+++ RECORDS FOR THE EXERCISE +++

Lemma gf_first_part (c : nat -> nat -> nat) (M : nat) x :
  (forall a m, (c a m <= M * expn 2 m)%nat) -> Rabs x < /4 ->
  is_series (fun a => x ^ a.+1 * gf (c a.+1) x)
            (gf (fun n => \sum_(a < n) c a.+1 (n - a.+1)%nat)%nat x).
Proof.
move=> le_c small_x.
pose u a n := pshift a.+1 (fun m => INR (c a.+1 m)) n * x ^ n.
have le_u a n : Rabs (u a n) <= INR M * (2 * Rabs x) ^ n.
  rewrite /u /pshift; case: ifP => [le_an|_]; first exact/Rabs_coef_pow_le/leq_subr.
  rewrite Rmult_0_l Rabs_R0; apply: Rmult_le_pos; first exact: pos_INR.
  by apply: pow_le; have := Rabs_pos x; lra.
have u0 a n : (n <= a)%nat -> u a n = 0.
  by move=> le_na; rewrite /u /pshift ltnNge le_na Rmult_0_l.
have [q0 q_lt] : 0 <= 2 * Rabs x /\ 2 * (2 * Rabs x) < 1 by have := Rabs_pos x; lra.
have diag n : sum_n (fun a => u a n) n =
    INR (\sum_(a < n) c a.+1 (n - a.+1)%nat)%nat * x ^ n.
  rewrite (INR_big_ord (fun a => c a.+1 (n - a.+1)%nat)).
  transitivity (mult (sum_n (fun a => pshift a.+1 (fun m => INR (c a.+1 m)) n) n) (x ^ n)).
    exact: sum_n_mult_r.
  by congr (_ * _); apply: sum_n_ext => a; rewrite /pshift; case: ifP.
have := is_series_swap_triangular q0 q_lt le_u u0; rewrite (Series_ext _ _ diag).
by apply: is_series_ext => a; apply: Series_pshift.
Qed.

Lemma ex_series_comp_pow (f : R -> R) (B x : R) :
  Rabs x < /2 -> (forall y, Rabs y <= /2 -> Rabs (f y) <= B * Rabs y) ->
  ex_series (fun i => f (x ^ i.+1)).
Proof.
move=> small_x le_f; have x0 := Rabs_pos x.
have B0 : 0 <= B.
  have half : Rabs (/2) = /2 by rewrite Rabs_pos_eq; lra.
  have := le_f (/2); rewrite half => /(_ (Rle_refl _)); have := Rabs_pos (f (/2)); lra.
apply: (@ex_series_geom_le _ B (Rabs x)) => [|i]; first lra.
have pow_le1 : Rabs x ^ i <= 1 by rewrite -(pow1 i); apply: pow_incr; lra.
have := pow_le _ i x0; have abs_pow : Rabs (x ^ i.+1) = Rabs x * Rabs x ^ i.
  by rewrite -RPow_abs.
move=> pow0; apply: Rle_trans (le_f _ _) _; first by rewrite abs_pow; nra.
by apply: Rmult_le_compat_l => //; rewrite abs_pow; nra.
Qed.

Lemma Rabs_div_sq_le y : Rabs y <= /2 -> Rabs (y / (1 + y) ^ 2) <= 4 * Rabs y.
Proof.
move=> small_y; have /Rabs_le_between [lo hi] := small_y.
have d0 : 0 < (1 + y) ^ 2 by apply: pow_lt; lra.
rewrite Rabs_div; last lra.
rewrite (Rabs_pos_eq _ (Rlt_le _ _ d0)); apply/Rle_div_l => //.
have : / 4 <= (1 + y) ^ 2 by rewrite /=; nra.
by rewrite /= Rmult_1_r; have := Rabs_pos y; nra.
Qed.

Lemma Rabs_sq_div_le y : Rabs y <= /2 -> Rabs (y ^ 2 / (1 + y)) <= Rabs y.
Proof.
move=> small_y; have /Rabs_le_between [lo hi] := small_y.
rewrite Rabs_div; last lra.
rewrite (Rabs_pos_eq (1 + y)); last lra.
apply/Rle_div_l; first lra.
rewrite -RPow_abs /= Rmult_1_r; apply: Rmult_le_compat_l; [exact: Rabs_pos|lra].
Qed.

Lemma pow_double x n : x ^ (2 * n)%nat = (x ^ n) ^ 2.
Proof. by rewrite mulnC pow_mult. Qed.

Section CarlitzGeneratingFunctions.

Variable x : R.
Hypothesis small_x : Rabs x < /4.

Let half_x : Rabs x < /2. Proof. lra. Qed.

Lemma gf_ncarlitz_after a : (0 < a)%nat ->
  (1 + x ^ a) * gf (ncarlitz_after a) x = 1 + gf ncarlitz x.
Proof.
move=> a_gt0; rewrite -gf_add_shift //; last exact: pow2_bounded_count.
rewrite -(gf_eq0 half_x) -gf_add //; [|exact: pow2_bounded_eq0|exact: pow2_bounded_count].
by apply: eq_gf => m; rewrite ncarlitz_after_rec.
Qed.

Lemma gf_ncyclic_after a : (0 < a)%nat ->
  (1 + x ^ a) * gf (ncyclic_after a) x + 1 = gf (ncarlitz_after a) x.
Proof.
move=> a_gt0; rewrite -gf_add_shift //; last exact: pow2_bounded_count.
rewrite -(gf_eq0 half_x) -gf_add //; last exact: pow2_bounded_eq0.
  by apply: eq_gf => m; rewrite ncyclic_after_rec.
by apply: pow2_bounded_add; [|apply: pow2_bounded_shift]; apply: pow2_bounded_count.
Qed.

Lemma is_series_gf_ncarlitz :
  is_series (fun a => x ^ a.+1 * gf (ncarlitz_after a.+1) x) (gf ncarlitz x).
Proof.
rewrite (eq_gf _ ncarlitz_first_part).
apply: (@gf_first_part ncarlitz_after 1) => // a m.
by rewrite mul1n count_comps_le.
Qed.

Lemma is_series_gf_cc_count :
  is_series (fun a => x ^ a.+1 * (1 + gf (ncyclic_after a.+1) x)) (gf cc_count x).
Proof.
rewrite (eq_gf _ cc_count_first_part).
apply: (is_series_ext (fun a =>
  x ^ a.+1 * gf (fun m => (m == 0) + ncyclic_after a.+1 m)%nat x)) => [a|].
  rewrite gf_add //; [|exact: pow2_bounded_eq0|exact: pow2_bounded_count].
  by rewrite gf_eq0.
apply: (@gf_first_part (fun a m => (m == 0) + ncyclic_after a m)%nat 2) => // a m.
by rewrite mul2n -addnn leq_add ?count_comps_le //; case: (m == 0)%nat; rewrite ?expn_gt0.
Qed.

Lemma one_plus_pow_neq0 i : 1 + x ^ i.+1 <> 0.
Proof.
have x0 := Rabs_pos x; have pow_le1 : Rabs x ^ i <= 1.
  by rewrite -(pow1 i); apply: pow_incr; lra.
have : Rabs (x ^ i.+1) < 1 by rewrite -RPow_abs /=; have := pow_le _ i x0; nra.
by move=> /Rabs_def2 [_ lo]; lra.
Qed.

+++

EXERCISE OBJECTIVE.
No line may be skipped. Transcribe the listing above exactly.

FINAL ANSWER.
Lemma gf_first_part (c : nat -> nat -> nat) (M : nat) x :
  (forall a m, (c a m <= M * expn 2 m)%nat) -> Rabs x < /4 ->
  is_series (fun a => x ^ a.+1 * gf (c a.+1) x)
            (gf (fun n => \sum_(a < n) c a.+1 (n - a.+1)%nat)%nat x).
Proof.
move=> le_c small_x.
pose u a n := pshift a.+1 (fun m => INR (c a.+1 m)) n * x ^ n.
have le_u a n : Rabs (u a n) <= INR M * (2 * Rabs x) ^ n.
  rewrite /u /pshift; case: ifP => [le_an|_]; first exact/Rabs_coef_pow_le/leq_subr.
  rewrite Rmult_0_l Rabs_R0; apply: Rmult_le_pos; first exact: pos_INR.
  by apply: pow_le; have := Rabs_pos x; lra.
have u0 a n : (n <= a)%nat -> u a n = 0.
  by move=> le_na; rewrite /u /pshift ltnNge le_na Rmult_0_l.
have [q0 q_lt] : 0 <= 2 * Rabs x /\ 2 * (2 * Rabs x) < 1 by have := Rabs_pos x; lra.
have diag n : sum_n (fun a => u a n) n =
    INR (\sum_(a < n) c a.+1 (n - a.+1)%nat)%nat * x ^ n.
  rewrite (INR_big_ord (fun a => c a.+1 (n - a.+1)%nat)).
  transitivity (mult (sum_n (fun a => pshift a.+1 (fun m => INR (c a.+1 m)) n) n) (x ^ n)).
    exact: sum_n_mult_r.
  by congr (_ * _); apply: sum_n_ext => a; rewrite /pshift; case: ifP.
have := is_series_swap_triangular q0 q_lt le_u u0; rewrite (Series_ext _ _ diag).
by apply: is_series_ext => a; apply: Series_pshift.
Qed.

Lemma ex_series_comp_pow (f : R -> R) (B x : R) :
  Rabs x < /2 -> (forall y, Rabs y <= /2 -> Rabs (f y) <= B * Rabs y) ->
  ex_series (fun i => f (x ^ i.+1)).
Proof.
move=> small_x le_f; have x0 := Rabs_pos x.
have B0 : 0 <= B.
  have half : Rabs (/2) = /2 by rewrite Rabs_pos_eq; lra.
  have := le_f (/2); rewrite half => /(_ (Rle_refl _)); have := Rabs_pos (f (/2)); lra.
apply: (@ex_series_geom_le _ B (Rabs x)) => [|i]; first lra.
have pow_le1 : Rabs x ^ i <= 1 by rewrite -(pow1 i); apply: pow_incr; lra.
have := pow_le _ i x0; have abs_pow : Rabs (x ^ i.+1) = Rabs x * Rabs x ^ i.
  by rewrite -RPow_abs.
move=> pow0; apply: Rle_trans (le_f _ _) _; first by rewrite abs_pow; nra.
by apply: Rmult_le_compat_l => //; rewrite abs_pow; nra.
Qed.

Lemma Rabs_div_sq_le y : Rabs y <= /2 -> Rabs (y / (1 + y) ^ 2) <= 4 * Rabs y.
Proof.
move=> small_y; have /Rabs_le_between [lo hi] := small_y.
have d0 : 0 < (1 + y) ^ 2 by apply: pow_lt; lra.
rewrite Rabs_div; last lra.
rewrite (Rabs_pos_eq _ (Rlt_le _ _ d0)); apply/Rle_div_l => //.
have : / 4 <= (1 + y) ^ 2 by rewrite /=; nra.
by rewrite /= Rmult_1_r; have := Rabs_pos y; nra.
Qed.

Lemma Rabs_sq_div_le y : Rabs y <= /2 -> Rabs (y ^ 2 / (1 + y)) <= Rabs y.
Proof.
move=> small_y; have /Rabs_le_between [lo hi] := small_y.
rewrite Rabs_div; last lra.
rewrite (Rabs_pos_eq (1 + y)); last lra.
apply/Rle_div_l; first lra.
rewrite -RPow_abs /= Rmult_1_r; apply: Rmult_le_compat_l; [exact: Rabs_pos|lra].
Qed.

Lemma pow_double x n : x ^ (2 * n)%nat = (x ^ n) ^ 2.
Proof. by rewrite mulnC pow_mult. Qed.

Section CarlitzGeneratingFunctions.

Variable x : R.
Hypothesis small_x : Rabs x < /4.

Let half_x : Rabs x < /2. Proof. lra. Qed.

Lemma gf_ncarlitz_after a : (0 < a)%nat ->
  (1 + x ^ a) * gf (ncarlitz_after a) x = 1 + gf ncarlitz x.
Proof.
move=> a_gt0; rewrite -gf_add_shift //; last exact: pow2_bounded_count.
rewrite -(gf_eq0 half_x) -gf_add //; [|exact: pow2_bounded_eq0|exact: pow2_bounded_count].
by apply: eq_gf => m; rewrite ncarlitz_after_rec.
Qed.

Lemma gf_ncyclic_after a : (0 < a)%nat ->
  (1 + x ^ a) * gf (ncyclic_after a) x + 1 = gf (ncarlitz_after a) x.
Proof.
move=> a_gt0; rewrite -gf_add_shift //; last exact: pow2_bounded_count.
rewrite -(gf_eq0 half_x) -gf_add //; last exact: pow2_bounded_eq0.
  by apply: eq_gf => m; rewrite ncyclic_after_rec.
by apply: pow2_bounded_add; [|apply: pow2_bounded_shift]; apply: pow2_bounded_count.
Qed.

Lemma is_series_gf_ncarlitz :
  is_series (fun a => x ^ a.+1 * gf (ncarlitz_after a.+1) x) (gf ncarlitz x).
Proof.
rewrite (eq_gf _ ncarlitz_first_part).
apply: (@gf_first_part ncarlitz_after 1) => // a m.
by rewrite mul1n count_comps_le.
Qed.

Lemma is_series_gf_cc_count :
  is_series (fun a => x ^ a.+1 * (1 + gf (ncyclic_after a.+1) x)) (gf cc_count x).
Proof.
rewrite (eq_gf _ cc_count_first_part).
apply: (is_series_ext (fun a =>
  x ^ a.+1 * gf (fun m => (m == 0) + ncyclic_after a.+1 m)%nat x)) => [a|].
  rewrite gf_add //; [|exact: pow2_bounded_eq0|exact: pow2_bounded_count].
  by rewrite gf_eq0.
apply: (@gf_first_part (fun a m => (m == 0) + ncyclic_after a m)%nat 2) => // a m.
by rewrite mul2n -addnn leq_add ?count_comps_le //; case: (m == 0)%nat; rewrite ?expn_gt0.
Qed.

Lemma one_plus_pow_neq0 i : 1 + x ^ i.+1 <> 0.
Proof.
have x0 := Rabs_pos x; have pow_le1 : Rabs x ^ i <= 1.
  by rewrite -(pow1 i); apply: pow_incr; lra.
have : Rabs (x ^ i.+1) < 1 by rewrite -RPow_abs /=; have := pow_le _ i x0; nra.
by move=> /Rabs_def2 [_ lo]; lra.
Qed.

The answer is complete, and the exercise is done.